### What to do
Records follow. Select each line holding "split".

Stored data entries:
Lemma bigO_h_mult (k1 k2 : nat) (g1 g2 : R -> R -> R) :
  bigO_h k1 g1 -> bigO_h k2 g2 -> bigO_h (k1 + k2) (fun x h => g1 x h * g2 x h).
Proof.
  intros H1 H2 M HM. destruct (H1 M HM) as [C1 [d1 [Hd1 HC1]]].
  destruct (H2 M HM) as [C2 [d2 [Hd2 HC2]]].
  exists (C1 * C2), (Rmin d1 d2). split; [apply Rmin_pos; auto |].
  intros x h Hx Hh. pose proof (Rmin_l d1 d2). pose proof (Rmin_r d1 d2).
  specialize (HC1 x h Hx ltac:(lra)). specialize (HC2 x h Hx ltac:(lra)).
  rewrite Rabs_mult, pow_add.
  replace (C1 * C2 * (h ^ k1 * h ^ k2)) with ((C1 * h ^ k1) * (C2 * h ^ k2)) by ring.
  apply Rmult_le_compat; auto; apply Rabs_pos.
Qed.

Lemma bigO_h_weaken (k k' : nat) (g : R -> R -> R) :
  (k <= k')%nat -> bigO_h k' g -> bigO_h k g.
Proof.
  intros Hk H M HM. destruct (H M HM) as [C [d [Hd HC]]].
  exists (Rmax C 0), (Rmin d 1). split; [apply Rmin_pos; lra |].
  intros x h Hx Hh. pose proof (Rmin_l d 1). pose proof (Rmin_r d 1).
  specialize (HC x h Hx ltac:(lra)).
  assert (Hpow : 0 <= h ^ k' <= h ^ k).
  { split; [apply pow_le; lra |].
    replace k' with (k + (k' - k))%nat by lia. rewrite pow_add.
    assert (0 <= h ^ k) by (apply pow_le; lra).
    assert (h ^ (k' - k) <= 1) by (rewrite <- (pow1 (k' - k)); apply pow_incr; lra).
    nra. }
  pose proof (Rmax_l C 0). pose proof (Rmax_r C 0). nra.
Qed.

Lemma bigO_h_pow_h (k : nat) : bigO_h k (fun x h => h ^ k).
Proof.
  intros M HM. exists 1, 1. split; [lra |]. intros x h _ Hh.
  rewrite Rabs_right; [lra | apply Rle_ge, pow_le; lra].
Qed.

Lemma bigO_h_div_h (k : nat) (g : R -> R -> R) :
  bigO_h (S k) g -> bigO_h k (fun x h => g x h / h).
Proof.
  intros H M HM. destruct (H M HM) as [C [d [Hd HC]]].
  exists C, d. split; auto. intros x h Hx Hh.
  specialize (HC x h Hx Hh). simpl in HC.
  unfold Rdiv. rewrite Rabs_mult, Rabs_inv, (Rabs_right h) by lra.
  apply Rmult_le_reg_r with h; [lra |].
  rewrite Rmult_assoc, Rinv_l by lra. lra.
Qed.

Lemma bigO_h_bounded (c : R -> R) :
  (forall L, exists B, forall y, Rabs y <= L -> Rabs (c y) <= B) -> bigO_h 0 (fun x h => c x).
Proof.
  intros H M HM. destruct (H M) as [B HB]. exists B, 1. split; [lra |].
  intros x h Hx _. rewrite pow_O, Rmult_1_r. auto.
Qed.

Lemma bigO_h_continuous (c : R -> R) :
  (forall x, continuous c x) -> bigO_h 0 (fun x h => c x).
Proof.
  intros H. apply bigO_h_bounded. intros L.
  exact (continuous_bounded c L H).
Qed.

Lemma bigO_h_const (c : R) : bigO_h 0 (fun x h => c).
Proof. apply (bigO_h_bounded (fun _ => c)). intros L. exists (Rabs c). intros; lra. Qed.

Lemma bigO_h_O1_h : bigO_h 0 (fun x h => h).
Proof.
  apply (bigO_h_weaken 0 1); [lia |].
  apply (bigO_h_ext 1 (fun x h => h ^ 1)); [intros; ring | apply bigO_h_pow_h].
Qed.

Lemma bigO_h_O1_pow (n : nat) (g : R -> R -> R) :
  bigO_h 0 g -> bigO_h 0 (fun x h => g x h ^ n).
Proof.
  intros H. induction n as [|n IH].
  - apply (bigO_h_ext 0 (fun x h => 1)); [intros; reflexivity | apply bigO_h_const].
  - apply (bigO_h_mult 0 0 g (fun x h => g x h ^ n)); auto.
Qed.

Lemma Rabs_mult_le_1 (a h : R) : 0 < h < / (Rabs a + 1) -> Rabs (a * h) <= 1.
Proof.
  intros [Hh0 Hh1]. pose proof (Rabs_pos a).
  rewrite Rabs_mult, (Rabs_right h) by lra.
  apply Rmult_lt_compat_l with (r := Rabs a + 1) in Hh1; [| lra].
  rewrite Rinv_r in Hh1 by lra. nra.
Qed.

Lemma bigO_h_taylor (g : R -> R) (N : nat) (a : R) : smooth1 g ->
  bigO_h (S N) (fun x h => g (x + a * h) - taylor_poly g N x (a * h)).
Proof.
  intros Hg M HM. destruct (taylor_remainder_bound g N M Hg) as [C HC].
  exists (C * Rabs a ^ S N), (/ (Rabs a + 1)). split.
  { apply Rinv_0_lt_compat. pose proof (Rabs_pos a). lra. }
  intros x h Hx Hh.
  eapply Rle_trans; [apply HC; auto; apply Rabs_mult_le_1; auto |].
  rewrite Rabs_mult, (Rabs_right h), Rpow_mult_distr by lra. lra.
Qed.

### Response area
  exists (C1 * C2), (Rmin d1 d2). split; [apply Rmin_pos; auto |].
  exists (Rmax C 0), (Rmin d 1). split; [apply Rmin_pos; lra |].
  { split; [apply pow_le; lra |].
  intros M HM. exists 1, 1. split; [lra |]. intros x h _ Hh.
  exists C, d. split; auto. intros x h Hx Hh.
  intros H M HM. destruct (H M) as [B HB]. exists B, 1. split; [lra |].
  exists (C * Rabs a ^ S N), (/ (Rabs a + 1)). split.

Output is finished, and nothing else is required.